Dataset items:
(* Let $\kappa<\Gamma$ be infinite cardinals and let $f\mapsto\hat f$ be a surjective linear isometry from $X^{\kappa,\Gamma}$ onto $C(K^{\kappa,\Gamma})$ preserving pointwise multiplication and order, $K^{\kappa,\Gamma}$ compact. Then there is a point $p\in K^{\kappa,\Gamma}$ such that $\{\hat f: f\in X_0^{\kappa,\Gamma}\}=C(K^{\kappa,\Gamma},p)$; consequently $X_0^{\kappa,\Gamma}$ is isometric to $C(K^{\kappa,\Gamma},p)$. Moreover, $p$ is a $P$-point of $K^{\kappa,\Gamma}$.
   Context: $X^{\kappa,\Gamma}=\{f\in\ell_\infty(\Gamma):\exists A\subseteq\Gamma,\ |A|=\kappa,\ f|_{\Gamma\setminus A}\text{ is constant}\}$ and $X_0^{\kappa,\Gamma}=\{f\in\ell_\infty(\Gamma):\exists A\subseteq\Gamma,\ |A|=\kappa,\ f|_{\Gamma\setminus A}\equiv 0\}$, both with the sup norm. For compact $K$ and $p\in K$, $C(K,p)=\{f\in C(K):f(p)=0\}$. A point $p\in K$ is a $P$-point if every $g\in C(K)$ is constant on some open neighbourhood of $p$. *)

From HB Require Import structures.
From mathcomp Require Import all_boot all_order all_algebra.
From mathcomp Require Import all_classical all_reals all_analysis.
Unset Printing Implicit Defensive.
Import Order.TTheory GRing.Theory Num.Theory.
Import numFieldNormedType.Exports.
Local Open Scope classical_set_scope.
Local Open Scope card_scope.
Local Open Scope ring_scope.

Definition supnorm (R : realType) (T : Type) (f : T -> R) : R :=
  sup [set `|f x| | x in [set: T]].

Definition linfty (R : realType) (G : Type) : set (G -> R) :=
  [set f | exists M : R, forall x, `|f x| <= M].

(* X^{kappa,Gamma}; the cardinal kappa is the cardinality of the type Kap *)
Definition Xkg (R : realType) (Kap G : Type) : set (G -> R) :=
  [set f | linfty R G f /\
     exists A : set G, A #= [set: Kap] /\
       exists c : R, forall x, ~ A x -> f x = c].

Definition X0kg (R : realType) (Kap G : Type) : set (G -> R) :=
  [set f | linfty R G f /\
     exists A : set G, A #= [set: Kap] /\
       forall x, ~ A x -> f x = 0].

Definition CK (R : realType) (K : topologicalType) : set (K -> R) :=
  [set g | continuous g].
Definition CKp (R : realType) (K : topologicalType) (p : K) : set (K -> R) :=
  [set g | continuous g /\ g p = 0].

Definition P_point (R : realType) (K : topologicalType) (p : K) : Prop :=
  forall g : K -> R, continuous g ->
    exists U : set K, open U /\ U p /\ forall x, U x -> g x = g p.

(* For [|A| = kappa] the indicator of [Gamma \ A] is an idempotent of
   [X^{kappa,Gamma}], so [T] maps it to the indicator of a clopen set
   [Tsupp A], which is nonempty because [T] is an isometry and [A <> Gamma].
   Since [kappa + kappa = kappa], [Tsupp (A `|` B) = Tsupp A `&` Tsupp B], so by
   compactness all the [Tsupp A] share a point [p].  A function of
   [X^{kappa,Gamma}] equal to [c] off [A] is mapped to a function equal to [c]
   on the neighbourhood [Tsupp A] of [p]: this gives both [T @` X_0 = C(K, p)]
   and that [p] is a P-point.  The identity [kappa + kappa = kappa] is obtained
   from a maximal injection [bool * S -> S] given by Zorn's lemma. *)

From HB Require Import structures.
From mathcomp Require Import all_boot all_order all_algebra.
From mathcomp Require Import all_classical all_reals all_analysis.
From mathcomp Require Import zify.
Import Order.TTheory GRing.Theory Num.Theory.
Import numFieldNormedType.Exports.
Local Open Scope classical_set_scope.
Local Open Scope card_scope.

Lemma card_le_inj T U (A : set T) (B : set U) (u0 : U) : A #<= B ->
  exists f : T -> U, (forall x, A x -> B (f x)) /\
    (forall x y, A x -> A y -> f x = f y -> x = y).
Proof.
move/card_leP => [g].
exists (fun x => if pselect (A x) is left Ax then val (g (exist _ x (mem_set Ax)))
                 else u0); split.
  by move=> x Ax; case: pselect => // Ax'; exact: set_mem (valP _).
move=> x y Ax Ay; case: pselect => // Ax'; case: pselect => // Ay'.
move=> /val_inj/('inj_g) gxy.
by have := gxy (mem_set I) (mem_set I) => /(congr1 val).
Qed.
Arguments card_le_inj {T U A B} u0 _.

Lemma card_le_of_inj T U (A : set T) (B : set U) (f : T -> U) :
  (forall x, A x -> B (f x)) ->
  (forall x y, A x -> A y -> f x = f y -> x = y) -> A #<= B.
Proof.
move=> fAB finj; have : $|{injfun A >-> B}|.
  by apply/injfunPex; exists f => // x y /set_mem Ax /set_mem Ay; exact: finj.
by case=> g; exact: inj_card_le g.
Qed.

Section BoolProdInjection.
Variable T : Type.
Implicit Types (W : set ((bool * T) * T)) (S : set T).

Definition pdom W : set T := [set k | exists z, W ((true, k), z)].

(* [W] is the graph of an injective map from [bool * pdom W] into [pdom W]. *)
Definition doubling W : Prop :=
  [/\ (forall x y y', W (x, y) -> W (x, y') -> y = y'),
      (forall x x' y, W (x, y) -> W (x', y) -> x = x'),
      (forall x y, W (x, y) -> pdom W x.2 /\ pdom W y) &
      (forall k b, pdom W k -> exists z, W ((b, k), z))].

Lemma doubling_bigcup (F : set (set ((bool * T) * T))) :
  F `<=` doubling -> total_on F subset -> doubling (\bigcup_(W in F) W).
Proof.
move=> Fd Ftot; split.
- move=> x y y' [W1 F1 h1] [W2 F2 h2].
  case: (Ftot _ _ F1 F2) => sub.
    by case: (Fd _ F2) => fun2 _ _ _; apply: fun2 (sub _ h1) h2.
  by case: (Fd _ F1) => fun1 _ _ _; apply: fun1 h1 (sub _ h2).
- move=> x x' y [W1 F1 h1] [W2 F2 h2].
  case: (Ftot _ _ F1 F2) => sub.
    by case: (Fd _ F2) => _ inj2 _ _; apply: inj2 (sub _ h1) h2.
  by case: (Fd _ F1) => _ inj1 _ _; apply: inj1 h1 (sub _ h2).
- move=> x y [W1 F1 h1]; case: (Fd _ F1) => _ _ dom1 _.
  have [[z hz] [z' hz']] := dom1 _ _ h1.
  by split; [exists z | exists z']; exists W1.
- move=> k b [z [W1 F1 h1]]; case: (Fd _ F1) => _ _ _ tot1.
  by have [z' hz'] := tot1 k b (ex_intro _ z h1); exists z'; exists W1.
Qed.

Lemma pdomU W W' : pdom (W `|` W') = pdom W `|` pdom W'.
Proof.
apply/seteqP; split=> k.
  by case=> z [h|h]; [left|right]; exists z.
by case=> -[z h]; exists z; [left|right].
Qed.

Lemma doublingU W W' : doubling W -> doubling W' ->
  (forall k, pdom W k -> ~ pdom W' k) -> doubling (W `|` W').
Proof.
move=> [fun1 inj1 dom1 tot1] [fun2 inj2 dom2 tot2] disj; split.
- move=> x y y' [h|h] [h'|h']; [exact: fun1 h h'| | |exact: fun2 h h'].
  + by case: (disj x.2); [case: (dom1 _ _ h)|case: (dom2 _ _ h')].
  + by case: (disj x.2); [case: (dom1 _ _ h')|case: (dom2 _ _ h)].
- move=> x x' y [h|h] [h'|h']; [exact: inj1 h h'| | |exact: inj2 h h'].
  + by case: (disj y); [case: (dom1 _ _ h)|case: (dom2 _ _ h')].
  + by case: (disj y); [case: (dom1 _ _ h')|case: (dom2 _ _ h)].
- by move=> x y; rewrite pdomU => -[h|h]; [case: (dom1 _ _ h)|case: (dom2 _ _ h)];
    split; [left|left|right|right].
- move=> k b; rewrite pdomU => -[h|h].
    by have [z hz] := tot1 k b h; exists z; left.
  by have [z hz] := tot2 k b h; exists z; right.
Qed.

Definition nat_doubling (e : nat -> T) : set ((bool * T) * T) :=
  [set p | exists n (b : bool), p = ((b, e n), e (2 * n + b)%N)].

Lemma pdom_nat_doubling e : pdom (nat_doubling e) = range e.
Proof.
apply/seteqP; split=> k.
  by case=> z [n [b /pair_equal_spec[/pair_equal_spec[_ ->] _]]]; exists n.
by case=> n _ <-; exists (e (2 * n + true)%N); exists n, true.
Qed.

Lemma doubling_nat e : injective e -> doubling (nat_doubling e).
Proof.
move=> einj; split.
- move=> x y y' [n [b /pair_equal_spec[-> ->]]].
  by case=> n' [b' /pair_equal_spec[/pair_equal_spec[-> /einj ->] ->]].
- move=> x x' y [n [b /pair_equal_spec[-> ->]]] [n' [b' /pair_equal_spec[-> /einj eq_idx]]].
  by have [-> ->] : n = n' /\ b = b' by move: eq_idx; case: b; case: b' => /=; lia.
- rewrite pdom_nat_doubling => x y [n [b /pair_equal_spec[-> ->]]].
  by split; eexists.
- by rewrite pdom_nat_doubling => k b [n _ <-]; exists (e (2 * n + b)%N); exists n, b.
Qed.

Lemma maximal_doubling_cofinite W : doubling W ->
  (forall W', W `<` W' -> ~ doubling W') -> finite_set (~` pdom W).
Proof.
(* otherwise [W] extends by a doubling of a countable part of its complement *)
move=> dW Wmax; apply: contrapT => /[dup] /infinite_setN0[t0 _].
move=> /infiniteP/(card_le_inj t0)[e [eS einj]].
have {}einj : injective e by move=> n m; exact: einj.
have disj : forall k, pdom W k -> ~ pdom (nat_doubling e) k.
  by move=> k Wk; rewrite pdom_nat_doubling => -[n _ ekn]; apply: (eS n I); rewrite ekn.
apply: (Wmax (W `|` nat_doubling e)); last exact: doublingU dW (doubling_nat _ einj) disj.
split; first exact: subsetUl.
move=> /(_ ((true, e 0%N), e 1%N)) sub_W.
have /sub_W W_e01 : (W `|` nat_doubling e) ((true, e 0%N), e 1%N) by right; exists 0%N, true.
by apply: (eS 0%N I); exists (e 1%N).
Qed.

Lemma cofinite_inj S : infinite_set S -> finite_set (~` S) ->
  exists r : T -> T, (forall k, S (r k)) /\ injective r.
Proof.
move=> /[dup] /infinite_setN0[t0 _] /infiniteP/(card_le_inj t0)[e [eS einj]] finS.
have {}einj : injective e by move=> n m; exact: einj.
have [d dinj] := pcard_injP (finite_set_countable finS).
pose ei := pinv [set: nat] e.
have eiK k : range e k -> e (ei k) = k by move=> ek; apply: pinvK; rewrite inE.
(* odd values of [e] absorb [range e], even ones absorb the finite set [~` S] *)
pose r k := if `[< range e k >] then e (2 * ei k).+1
            else if `[< S k >] then k else e (2 * d k)%N.
exists r; split=> [k|k k'].
  rewrite /r; case: asboolP => _; first exact: eS.
  by case: asboolP => // _; exact: eS.
rewrite /r; case: (asboolP (range e k)) => ek; case: (asboolP (range e k')) => ek'.
- move=> /einj ekk; have eik : ei k = ei k' by lia.
  by rewrite -(eiK k ek) -(eiK k' ek') eik.
- case: asboolP => Sk'; first by move=> ekk; exfalso; apply: ek'; exists (2 * ei k).+1.
  by move=> /einj; lia.
- case: asboolP => Sk; first by move=> ekk; exfalso; apply: ek; exists (2 * ei k').+1.
  by move=> /einj; lia.
- case: asboolP => Sk; case: asboolP => Sk' //.
  + by move=> ekk; exfalso; apply: ek; exists (2 * d k')%N.
  + by move=> ekk; exfalso; apply: ek'; exists (2 * d k)%N.
  by move=> /einj dkk; apply: dinj; rewrite ?inE //; lia.
Qed.

Lemma bool_prod_inj : infinite_set [set: T] -> exists j : bool * T -> T, injective j.
Proof.
move=> Tinf; have [W0 [dW0 W0max]] := Zorn_bigcup doubling_bigcup.
have finS := maximal_doubling_cofinite _ dW0 W0max.
have infS : infinite_set (pdom W0).
  by move=> finS'; apply: Tinf; rewrite -(setUv (pdom W0)) finite_setU.
have [r [rS rinj]] := cofinite_inj _ infS finS.
have [w wW0] : exists w : bool * T -> T, forall x, pdom W0 x.2 -> W0 (x, w x).
  have [t0 _] := infinite_setN0 Tinf; case: dW0 => _ _ _ tot0.
  suff /boolp.choice[w wP] : forall x : bool * T, exists y, pdom W0 x.2 -> W0 (x, y).
    by exists w.
  move=> [b k]; case: (pselect (pdom W0 k)) => [/(tot0 k b)[z Wz]|nWk].
    by exists z.
  by exists t0.
exists (fun x => w (x.1, r x.2)) => -[b k] [b' k'] /= wbk.
have W1 := wW0 (b, r k) (rS k); have W2 := wW0 (b', r k') (rS k').
rewrite -wbk in W2; case: dW0 => _ inj0 _ _.
by case: (inj0 _ _ _ W1 W2) => -> /rinj ->.
Qed.

End BoolProdInjection.

Lemma card_setU_le T U (A B : set U) : infinite_set [set: T] ->
  A #<= [set: T] -> B #<= [set: T] -> A `|` B #<= [set: T].
Proof.
move=> Tinf leA leB; have [t0 _] := infinite_setN0 Tinf.
have [j jinj] := bool_prod_inj _ Tinf.
have [fA [_ fAinj]] := card_le_inj t0 leA.
have [fB [_ fBinj]] := card_le_inj t0 leB.
apply: (@card_le_of_inj _ _ _ _
  (fun x => if `[< A x >] then j (true, fA x) else j (false, fB x))) => // x y ABx ABy.
case: (asboolP (A x)) => Ax; case: (asboolP (A y)) => Ay /jinj/pair_equal_spec[//].
  by move=> _; exact: fAinj.
by move=> _; apply: fBinj; [case: ABx|case: ABy].
Qed.

Lemma card_setU_eq T U (A B : set U) : infinite_set [set: T] ->
  A #= [set: T] -> B #= [set: T] -> A `|` B #= [set: T].
Proof.
move=> Tinf; rewrite !card_eq_le => /andP[leA geA] /andP[leB _].
apply/andP; split; first exact: card_setU_le.
exact: card_le_trans geA (subset_card_le (@subsetUl _ A B)).
Qed.

Local Open Scope ring_scope.

Lemma mulrr_id_eq01 (R : idomainType) (x : R) : x * x = x -> x = 0 \/ x = 1.
Proof.
move=> xx; have : x * (x - 1) == 0 by rewrite mulrBr mulr1 xx subrr.
by rewrite mulf_eq0 subr_eq0 => /orP[/eqP|/eqP]; [left|right].
Qed.

Lemma supnorm_cst0 (R : realType) (T : Type) : supnorm R T (cst 0) = 0.
Proof.
rewrite /supnorm; have [[t _]|T0] := pselect ([set: T] !=set0).
  rewrite (_ : [set _ | _ in _] = [set 0]) ?sup1 //.
  by apply/seteqP; split=> [_ [x _ <-]|_ ->] /=; [rewrite normr0|exists t; rewrite ?normr0].
rewrite (_ : [set: T] = set0) ?image_set0 ?sup0 //.
by apply/seteqP; split=> // x _; apply: T0; exists x.
Qed.

Lemma supnorm_ub {R : realType} {T : Type} {f : T -> R} :
  linfty R T f -> forall x, `|f x| <= supnorm R T f.
Proof.
by move=> [M fM] x; apply: ub_le_sup; [exists M => _ [y _ <-]|exists x].
Qed.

TASK REQUIREMENTS: Above this instruction are the records; retype exactly the lines from the one containing "move=> /val_inj/('inj_g) gxy." up to and including the one containing "move=> fAB finj;".

EXPECTED OUTPUT:
move=> /val_inj/('inj_g) gxy.
by have := gxy (mem_set I) (mem_set I) => /(congr1 val).
Qed.
Arguments card_le_inj {T U A B} u0 _.

Lemma card_le_of_inj T U (A : set T) (B : set U) (f : T -> U) :
  (forall x, A x -> B (f x)) ->
  (forall x y, A x -> A y -> f x = f y -> x = y) -> A #<= B.
Proof.
move=> fAB finj; have : $|{injfun A >-> B}|.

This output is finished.